* RECORD EXTRACTS:
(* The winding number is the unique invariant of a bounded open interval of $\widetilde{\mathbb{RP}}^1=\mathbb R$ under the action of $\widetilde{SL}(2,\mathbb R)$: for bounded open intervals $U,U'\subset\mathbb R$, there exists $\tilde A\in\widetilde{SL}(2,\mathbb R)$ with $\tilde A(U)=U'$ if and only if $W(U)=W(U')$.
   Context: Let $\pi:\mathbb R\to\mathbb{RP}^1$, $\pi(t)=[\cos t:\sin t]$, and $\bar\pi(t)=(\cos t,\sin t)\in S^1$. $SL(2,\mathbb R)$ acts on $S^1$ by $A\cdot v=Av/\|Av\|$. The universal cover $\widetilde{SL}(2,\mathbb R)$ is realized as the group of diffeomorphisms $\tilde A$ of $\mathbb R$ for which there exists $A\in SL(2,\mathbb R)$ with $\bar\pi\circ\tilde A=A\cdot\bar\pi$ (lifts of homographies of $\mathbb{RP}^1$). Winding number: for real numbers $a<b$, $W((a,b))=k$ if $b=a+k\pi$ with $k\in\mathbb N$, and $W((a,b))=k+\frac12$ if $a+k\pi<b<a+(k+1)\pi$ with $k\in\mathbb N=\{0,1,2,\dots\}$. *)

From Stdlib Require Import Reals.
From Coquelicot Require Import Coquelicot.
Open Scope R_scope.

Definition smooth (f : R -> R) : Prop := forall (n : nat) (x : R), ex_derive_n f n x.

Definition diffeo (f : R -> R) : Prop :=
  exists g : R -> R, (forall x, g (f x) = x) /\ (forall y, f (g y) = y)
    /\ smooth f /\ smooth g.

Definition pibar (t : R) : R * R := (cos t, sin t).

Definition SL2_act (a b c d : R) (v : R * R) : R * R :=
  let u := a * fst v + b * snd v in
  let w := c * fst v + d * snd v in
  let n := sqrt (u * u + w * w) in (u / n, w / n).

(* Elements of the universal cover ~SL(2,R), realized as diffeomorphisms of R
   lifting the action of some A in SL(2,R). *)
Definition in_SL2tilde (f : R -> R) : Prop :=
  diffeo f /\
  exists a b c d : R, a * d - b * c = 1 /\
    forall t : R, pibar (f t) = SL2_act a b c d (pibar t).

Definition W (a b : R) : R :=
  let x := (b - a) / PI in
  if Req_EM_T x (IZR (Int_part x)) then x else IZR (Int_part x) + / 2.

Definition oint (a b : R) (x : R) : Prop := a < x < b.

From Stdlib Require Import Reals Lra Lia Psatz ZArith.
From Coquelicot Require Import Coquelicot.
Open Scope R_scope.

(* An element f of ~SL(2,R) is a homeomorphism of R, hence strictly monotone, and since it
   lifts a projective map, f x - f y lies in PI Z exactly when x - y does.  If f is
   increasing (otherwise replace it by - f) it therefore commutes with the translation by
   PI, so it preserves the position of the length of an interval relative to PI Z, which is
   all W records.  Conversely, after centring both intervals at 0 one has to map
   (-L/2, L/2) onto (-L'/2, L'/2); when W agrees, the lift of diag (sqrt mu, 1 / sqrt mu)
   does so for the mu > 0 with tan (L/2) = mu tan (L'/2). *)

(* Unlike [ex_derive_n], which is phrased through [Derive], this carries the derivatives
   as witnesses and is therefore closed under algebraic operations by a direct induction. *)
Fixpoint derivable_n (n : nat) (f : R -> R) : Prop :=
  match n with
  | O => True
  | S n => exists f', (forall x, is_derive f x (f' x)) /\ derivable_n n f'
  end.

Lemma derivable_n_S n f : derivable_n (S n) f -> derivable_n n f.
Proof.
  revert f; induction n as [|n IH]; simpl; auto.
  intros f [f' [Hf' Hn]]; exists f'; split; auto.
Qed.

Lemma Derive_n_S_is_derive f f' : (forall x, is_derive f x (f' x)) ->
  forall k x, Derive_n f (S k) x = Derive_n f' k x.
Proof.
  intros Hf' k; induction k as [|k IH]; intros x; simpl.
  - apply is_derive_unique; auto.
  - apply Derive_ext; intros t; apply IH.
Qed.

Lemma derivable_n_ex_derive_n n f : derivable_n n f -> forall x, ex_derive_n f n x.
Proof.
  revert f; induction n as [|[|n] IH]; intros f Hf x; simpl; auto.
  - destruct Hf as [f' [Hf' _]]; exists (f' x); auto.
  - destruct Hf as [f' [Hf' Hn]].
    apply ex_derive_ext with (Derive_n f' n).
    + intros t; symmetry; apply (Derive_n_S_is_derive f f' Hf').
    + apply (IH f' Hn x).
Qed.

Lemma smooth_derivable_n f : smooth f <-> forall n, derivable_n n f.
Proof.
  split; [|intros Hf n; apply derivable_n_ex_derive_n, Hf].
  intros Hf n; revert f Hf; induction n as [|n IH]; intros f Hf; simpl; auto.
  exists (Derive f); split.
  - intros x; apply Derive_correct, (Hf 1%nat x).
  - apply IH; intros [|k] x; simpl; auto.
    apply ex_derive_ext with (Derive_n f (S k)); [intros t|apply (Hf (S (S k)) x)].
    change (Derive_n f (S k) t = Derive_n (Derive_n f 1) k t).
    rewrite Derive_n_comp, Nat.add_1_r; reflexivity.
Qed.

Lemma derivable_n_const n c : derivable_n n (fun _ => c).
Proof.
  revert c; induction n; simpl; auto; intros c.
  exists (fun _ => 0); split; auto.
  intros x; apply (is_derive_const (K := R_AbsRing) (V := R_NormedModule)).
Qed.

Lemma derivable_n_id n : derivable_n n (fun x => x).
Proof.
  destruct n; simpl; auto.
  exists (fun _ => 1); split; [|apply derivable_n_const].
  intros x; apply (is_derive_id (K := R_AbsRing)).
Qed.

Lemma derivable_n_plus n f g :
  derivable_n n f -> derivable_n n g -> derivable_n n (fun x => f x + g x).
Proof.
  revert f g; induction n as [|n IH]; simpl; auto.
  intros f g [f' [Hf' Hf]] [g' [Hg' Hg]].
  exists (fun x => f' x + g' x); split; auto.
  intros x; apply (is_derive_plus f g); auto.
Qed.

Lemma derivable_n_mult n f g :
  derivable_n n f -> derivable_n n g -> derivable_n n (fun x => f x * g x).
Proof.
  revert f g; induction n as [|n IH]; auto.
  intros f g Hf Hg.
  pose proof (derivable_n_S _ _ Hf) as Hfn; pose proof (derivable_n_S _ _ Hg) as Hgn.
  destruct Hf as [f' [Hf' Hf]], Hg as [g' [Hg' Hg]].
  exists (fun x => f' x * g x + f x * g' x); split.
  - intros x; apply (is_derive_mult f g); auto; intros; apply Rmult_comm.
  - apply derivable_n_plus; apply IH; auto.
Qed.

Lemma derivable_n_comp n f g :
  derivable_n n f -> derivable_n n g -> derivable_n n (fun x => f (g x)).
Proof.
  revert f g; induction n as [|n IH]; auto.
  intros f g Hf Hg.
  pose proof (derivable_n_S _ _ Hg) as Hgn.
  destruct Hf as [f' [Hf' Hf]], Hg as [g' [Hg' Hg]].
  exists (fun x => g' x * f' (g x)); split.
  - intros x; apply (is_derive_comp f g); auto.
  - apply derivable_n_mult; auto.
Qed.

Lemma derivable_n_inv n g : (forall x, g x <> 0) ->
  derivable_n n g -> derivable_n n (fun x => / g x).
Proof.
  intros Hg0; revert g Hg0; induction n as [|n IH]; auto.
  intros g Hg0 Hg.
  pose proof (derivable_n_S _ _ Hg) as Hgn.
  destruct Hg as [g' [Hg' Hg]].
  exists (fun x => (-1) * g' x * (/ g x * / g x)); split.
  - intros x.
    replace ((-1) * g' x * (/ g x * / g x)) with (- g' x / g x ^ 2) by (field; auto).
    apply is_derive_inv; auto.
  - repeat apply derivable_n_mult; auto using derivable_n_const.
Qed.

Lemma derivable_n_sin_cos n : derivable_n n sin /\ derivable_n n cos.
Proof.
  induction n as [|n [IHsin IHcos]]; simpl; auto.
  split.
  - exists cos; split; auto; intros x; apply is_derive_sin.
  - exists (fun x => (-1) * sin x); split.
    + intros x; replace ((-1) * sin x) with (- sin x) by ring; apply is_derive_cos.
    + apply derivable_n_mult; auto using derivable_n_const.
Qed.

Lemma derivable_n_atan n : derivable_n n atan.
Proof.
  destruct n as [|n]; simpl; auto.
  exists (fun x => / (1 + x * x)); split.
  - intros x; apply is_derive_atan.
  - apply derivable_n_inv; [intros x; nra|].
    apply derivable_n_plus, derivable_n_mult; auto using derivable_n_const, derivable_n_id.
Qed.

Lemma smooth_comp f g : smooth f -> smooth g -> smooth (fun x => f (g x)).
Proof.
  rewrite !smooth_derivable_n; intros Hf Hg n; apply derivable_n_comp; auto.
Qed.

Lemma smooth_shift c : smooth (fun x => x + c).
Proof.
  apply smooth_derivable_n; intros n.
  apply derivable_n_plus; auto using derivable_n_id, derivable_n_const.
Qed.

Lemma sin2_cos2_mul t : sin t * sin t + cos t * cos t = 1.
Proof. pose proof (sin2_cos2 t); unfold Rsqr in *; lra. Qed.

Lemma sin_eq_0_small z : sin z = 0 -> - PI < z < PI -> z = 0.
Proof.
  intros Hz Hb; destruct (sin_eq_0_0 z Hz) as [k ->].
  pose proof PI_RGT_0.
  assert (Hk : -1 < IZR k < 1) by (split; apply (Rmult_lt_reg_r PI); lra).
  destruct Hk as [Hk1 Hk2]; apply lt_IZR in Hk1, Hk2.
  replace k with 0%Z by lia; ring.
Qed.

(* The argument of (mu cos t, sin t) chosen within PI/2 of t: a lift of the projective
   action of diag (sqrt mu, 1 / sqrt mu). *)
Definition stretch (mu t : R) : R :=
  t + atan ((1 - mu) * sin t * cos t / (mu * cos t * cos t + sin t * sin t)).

* YOUR ASSIGNMENT: Using the records above, list each line that includes "universal".

* REPLY:
   Context: Let $\pi:\mathbb R\to\mathbb{RP}^1$, $\pi(t)=[\cos t:\sin t]$, and $\bar\pi(t)=(\cos t,\sin t)\in S^1$. $SL(2,\mathbb R)$ acts on $S^1$ by $A\cdot v=Av/\|Av\|$. The universal cover $\widetilde{SL}(2,\mathbb R)$ is realized as the group of diffeomorphisms $\tilde A$ of $\mathbb R$ for which there exists $A\in SL(2,\mathbb R)$ with $\bar\pi\circ\tilde A=A\cdot\bar\pi$ (lifts of homographies of $\mathbb{RP}^1$). Winding number: for real numbers $a<b$, $W((a,b))=k$ if $b=a+k\pi$ with $k\in\mathbb N$, and $W((a,b))=k+\frac12$ if $a+k\pi<b<a+(k+1)\pi$ with $k\in\mathbb N=\{0,1,2,\dots\}$. *)
(* Elements of the universal cover ~SL(2,R), realized as diffeomorphisms of R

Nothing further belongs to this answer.